BEGIN Records to use

Lemma cv_ext (u v : nat -> R) l : (forall k, u k = v k) -> Un_cv u l -> Un_cv v l.
Proof. intros E H eps He. destruct (H eps He) as [N HN]. exists N. intros k Hk. rewrite <- E. auto. Qed.

Lemma cv_nonneg u l : Un_cv u l -> (forall k, 0 <= u k) -> 0 <= l.
Proof.
  intros Hu Hp. destruct (Rle_dec 0 l) as [|Hn]; auto.
  destruct (Hu (- l / 2)) as [N HN]; [lra|].
  specialize (HN N (Nat.le_refl N)). unfold Rdist in HN. specialize (Hp N).
  pose proof (Rle_abs (u N - l)). lra.
Qed.

Lemma sum_below_cv n (F : nat -> nat -> R) l :
  (forall j, (j < n)%nat -> Un_cv (fun k => F k j) (l j)) ->
  Un_cv (fun k => sum_below n (F k)) (sum_below n l).
Proof.
  induction n as [|n IH]; intros H; simpl; [apply cv_const|].
  apply CV_plus; [apply IH; intros; apply H; lia|apply H; lia].
Qed.

Lemma h_cv (A B : nat -> R) a b x :
  Un_cv A a -> Un_cv B b -> Un_cv (fun k => h (A k) (B k) x) (h a b x).
Proof.
  intros HA HB. unfold h.
  apply CV_plus; [apply CV_plus; [apply cv_const|apply CV_mult; [exact HA|apply cv_const]]|exact HB].
Qed.

Lemma pow_sq_le x i n : (i <= n)%nat -> (x ^ i) ^ 2 <= (1 + x ^ 2) ^ n.
Proof.
  intros Hi. rewrite <- pow_mult, Nat.mul_comm, pow_mult.
  pose proof (pow2_ge_0 x).
  apply Rle_trans with ((1 + x ^ 2) ^ i); [apply pow_incr; lra|apply Rle_pow; [lra|exact Hi]].
Qed.

Lemma sum_v2_le e gs x B : Forall (fun g => delta_le g e) gs ->
  (forall i, (i < S e)%nat -> coef_sq_sum snd i gs <= B) ->
  sum_v2 gs x <= INR (S e) * (1 + x ^ 2) ^ e * (INR (S e) * B).
Proof.
  intros Hdeg HB. rewrite Forall_forall in Hdeg. unfold sum_v2.
  assert (HT : 0 <= INR (S e) * (1 + x ^ 2) ^ e)
    by (apply Rmult_le_pos; [apply pos_INR|apply pow_le; pose proof (pow2_ge_0 x); lra]).
  eapply Rle_trans.
  { apply (sum_list_le gs _ (fun g => INR (S e) * (1 + x ^ 2) ^ e *
                                      sum_below (S e) (fun i => (nth i (snd g) 0) ^ 2))).
    intros g Hg. destruct (Hdeg g Hg) as [_ Hlen].
    rewrite (peval_sum_below (snd g) (S e)) by lia.
    eapply Rle_trans; [apply sum_below_sq_le|].
    rewrite Rmult_assoc. apply Rmult_le_compat_l; [apply pos_INR|].
    rewrite <- sum_below_scal_l. apply sum_below_le. intros i Hi.
    rewrite Rpow_mult_distr, Rmult_comm.
    apply Rmult_le_compat_r; [apply pow2_ge_0|apply pow_sq_le; lia]. }
  rewrite sum_list_scal_l, sum_list_sum_below. apply Rmult_le_compat_l; [exact HT|].
  rewrite <- sum_below_const. apply sum_below_le. exact HB.
Qed.
Lemma inE_irrelevant {n} {d : adata n} {e} (p q : Defs.inE d e) : p = q.
Proof. by case: e p q => [[] []|[] []|k p q] //; exact: eq_irrelevance. Qed.

Lemma Uphi_deterministic {n} {phi : form n} : dbi_normal phi ->
  forall i (a b c : evt (Uphi phi)), aQ (Uphi phi) i a b -> aQ (Uphi phi) i a c -> b = c.
Proof.
move=> /build_deterministic Hdet i a [b Hb] [c Hc] /= Hab Hac.
move: Hc; rewrite -(Hdet _ _ _ _ Hab Hac) => Hc.
by rewrite (inE_irrelevant Hb Hc).
Qed.

Section Satisfaction.
Context {n : nat}.

Lemma sat_Bot (K : kmodel n) s : ~ sat K s (Bot n).
Proof. by apply; apply: sat_Top. Qed.

Lemma sat_hatB (K : kmodel n) x i f :
  sat K x (hatB i f) <-> exists t, kR K i x t /\ sat K t f.
Proof.
split=> [Hx|[t [Hxt Ht]] Hx]; last exact: Hx t Hxt Ht.
by apply: NNPP => Hno; apply: Hx => t Hxt Ht; apply: Hno; exists t.
Qed.

Lemma not_sat_Bel (K : kmodel n) x i f :
  ~ sat K x (Bel i f) <-> exists t, kR K i x t /\ ~ sat K t f.
Proof.
split=> [Hx|[t [Hxt Ht]] Hx]; last exact/Ht/Hx.
by apply: NNPP => Hno; apply: Hx => t Hxt; apply: NNPP => Ht; apply: Hno; exists t.
Qed.

Lemma sat_dchain_cons (K : kmodel n) x i p l :
  sat K x (dchain ((i, p) :: l)) <->
  exists t, kR K i x t /\ sat K t p /\ sat K t (dchain l).
Proof.
case: l => [|q l]; rewrite sat_hatB //.
split=> [[t [Hxt Ht]]|[t [Hxt [Ht _]]]]; exists t; do ! split => //.
exact: sat_Top.
Qed.
(* rho a is an element of (sigma wc((A\hat\otimes A)^* ))^*, seen as a function
   on bilinear forms that only matters on sigma_wc.  Module actions on the
   dual: (a.u)(T) = u(T.a), (u.a)(T) = u(a.T).  pi_{sigma wc}(u) is the
   element of A = (A_* )^* given by phi |-> u(pi^* phi). *)
Definition connes_biprojective (Ast : (V -> K) -> Prop) :=
  exists rho : V -> ((V -> V -> K) -> K),
    (forall (c : K) a b T, sigma_wc Ast T -> rho (c *: a + b) T = c * rho a T + rho b T) /\
        (forall a, lin_on (sigma_wc Ast) (rho a)) /\
        (exists C, forall a T D, sigma_wc Ast T -> 0 <= D -> bnd_bil T D ->
                      `|rho a T| <= C * `|a| * D) /\
        (forall a b T, sigma_wc Ast T -> rho (mul a b) T = rho b (ract_t T a)) /\
        (forall a b T, sigma_wc Ast T -> rho (mul b a) T = rho b (lact_t a T)) /\
      (forall a phi, Ast phi -> rho a (pi_star phi) = phi a).

(* m i in (A\hat\otimes A)^**; <T, a.m> = m(T.a), <T, m.a> = m(a.T);
   b i is the element of A = (A_* )^* equal to i^* pi^** (m i), i.e.
   phi (b i) = (m i)(pi^* phi) for phi in A_*. *)
Definition johnson_pseudo_connes_amenable (Ast : (V -> K) -> Prop) :=
  exists (I : Type) (le : I -> I -> Prop) (m : I -> ((V -> V -> K) -> K)) (b : I -> V),
    [/\ directed le,
        (forall i, bidual (m i)),
        (forall i a T, sigma_wc Ast T -> m i (ract_t T a) = m i (lact_t a T)),
        (forall i phi, Ast phi -> m i (pi_star phi) = phi (b i))
      & forall a, net_cvg le (fun i => mul (b i) a) a].

End DualBanach.

(** For [e] in the central approximate identity, [rho e] is a bounded
    functional on sigma wc((A ⊗ A)^* ), which Hahn-Banach extends to some [m_e]
    in (A ⊗ A)^**.  Since sigma wc((A ⊗ A)^* ) is stable under both module
    actions and contains pi^*(A_* ), the bimodule property of [rho] together
    with [e a = a e] gives [a.m_e = m_e.a] on it, and [pi_{sigma wc} rho = id]
    says that i^* pi^** maps [m_e] to [e]; the approximate identity does the
    rest.

    Hahn-Banach is proved by Zorn's lemma for real spaces and transferred to
    complex ones through [F x = Re f x - i Re f (i x)].  Domination is by a
    relation [B x D] (D bounds x) rather than a sublinear functional, because
    the norm of (A ⊗ A)^* is only available through its bounds. *)

From HB Require Import structures.
From mathcomp Require Import all_boot all_order all_algebra.
From mathcomp Require Import all_classical all_reals all_analysis.
From mathcomp Require Import complex ring lra.

Set Implicit Arguments.
Unset Strict Implicit.
Unset Printing Implicit Defensive.
Import Order.TTheory GRing.Theory Num.Theory.
Local Open Scope ring_scope.
Local Open Scope classical_set_scope.

Section Subspace.
Variables (K : pzRingType) (E : lmodType K).
Implicit Types (S : set E) (g : E -> K).

Definition linear_subspace S := S 0 /\ forall a x y, S x -> S y -> S (a *: x + y).

Definition linear_on S g :=
  forall a x y, S x -> S y -> g (a *: x + y) = a * g x + g y.

Lemma linear_subspaceZ S a x : linear_subspace S -> S x -> S (a *: x).
Proof. by move=> [S0 SC] Sx; rewrite -[a *: x]addr0; apply: SC. Qed.

Lemma linear_subspaceD S x y : linear_subspace S -> S x -> S y -> S (x + y).
Proof. by move=> [_ SC] Sx Sy; rewrite -[x]scale1r; apply: SC. Qed.

Lemma linear_subspaceB S x y : linear_subspace S -> S x -> S y -> S (x - y).
Proof. by move=> [_ SC] Sx Sy; rewrite addrC -scaleN1r; apply: SC. Qed.

Lemma linear_on0 S g : S 0 -> linear_on S g -> g 0 = 0.
Proof.
move=> S0 glin; have := glin 1 0 0 S0 S0.
by rewrite scale1r addr0 mul1r -{1}[g 0]addr0 => /addrI.
Qed.

Lemma linear_onZ S g a x : linear_subspace S -> S x -> linear_on S g -> g (a *: x) = a * g x.
Proof. by move=> [S0 _] Sx glin; rewrite -[a *: x]addr0 glin // (linear_on0 S0 glin) addr0. Qed.

Lemma linear_onD S g x y : S x -> S y -> linear_on S g -> g (x + y) = g x + g y.
Proof. by move=> Sx Sy glin; rewrite -{1}[x]scale1r glin // mul1r. Qed.

End Subspace.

END Records to use

(Required action):
Take the records above and return, word for word, only the lines that fall from the line with "on bilinear forms" to the line with "Hahn-Banach is proved", both of them included.

(Task solution):
   on bilinear forms that only matters on sigma_wc.  Module actions on the
   dual: (a.u)(T) = u(T.a), (u.a)(T) = u(a.T).  pi_{sigma wc}(u) is the
   element of A = (A_* )^* given by phi |-> u(pi^* phi). *)
Definition connes_biprojective (Ast : (V -> K) -> Prop) :=
  exists rho : V -> ((V -> V -> K) -> K),
    (forall (c : K) a b T, sigma_wc Ast T -> rho (c *: a + b) T = c * rho a T + rho b T) /\
        (forall a, lin_on (sigma_wc Ast) (rho a)) /\
        (exists C, forall a T D, sigma_wc Ast T -> 0 <= D -> bnd_bil T D ->
                      `|rho a T| <= C * `|a| * D) /\
        (forall a b T, sigma_wc Ast T -> rho (mul a b) T = rho b (ract_t T a)) /\
        (forall a b T, sigma_wc Ast T -> rho (mul b a) T = rho b (lact_t a T)) /\
      (forall a phi, Ast phi -> rho a (pi_star phi) = phi a).

(* m i in (A\hat\otimes A)^**; <T, a.m> = m(T.a), <T, m.a> = m(a.T);
   b i is the element of A = (A_* )^* equal to i^* pi^** (m i), i.e.
   phi (b i) = (m i)(pi^* phi) for phi in A_*. *)
Definition johnson_pseudo_connes_amenable (Ast : (V -> K) -> Prop) :=
  exists (I : Type) (le : I -> I -> Prop) (m : I -> ((V -> V -> K) -> K)) (b : I -> V),
    [/\ directed le,
        (forall i, bidual (m i)),
        (forall i a T, sigma_wc Ast T -> m i (ract_t T a) = m i (lact_t a T)),
        (forall i phi, Ast phi -> m i (pi_star phi) = phi (b i))
      & forall a, net_cvg le (fun i => mul (b i) a) a].

End DualBanach.

(** For [e] in the central approximate identity, [rho e] is a bounded
    functional on sigma wc((A ⊗ A)^* ), which Hahn-Banach extends to some [m_e]
    in (A ⊗ A)^**.  Since sigma wc((A ⊗ A)^* ) is stable under both module
    actions and contains pi^*(A_* ), the bimodule property of [rho] together
    with [e a = a e] gives [a.m_e = m_e.a] on it, and [pi_{sigma wc} rho = id]
    says that i^* pi^** maps [m_e] to [e]; the approximate identity does the
    rest.

    Hahn-Banach is proved by Zorn's lemma for real spaces and transferred to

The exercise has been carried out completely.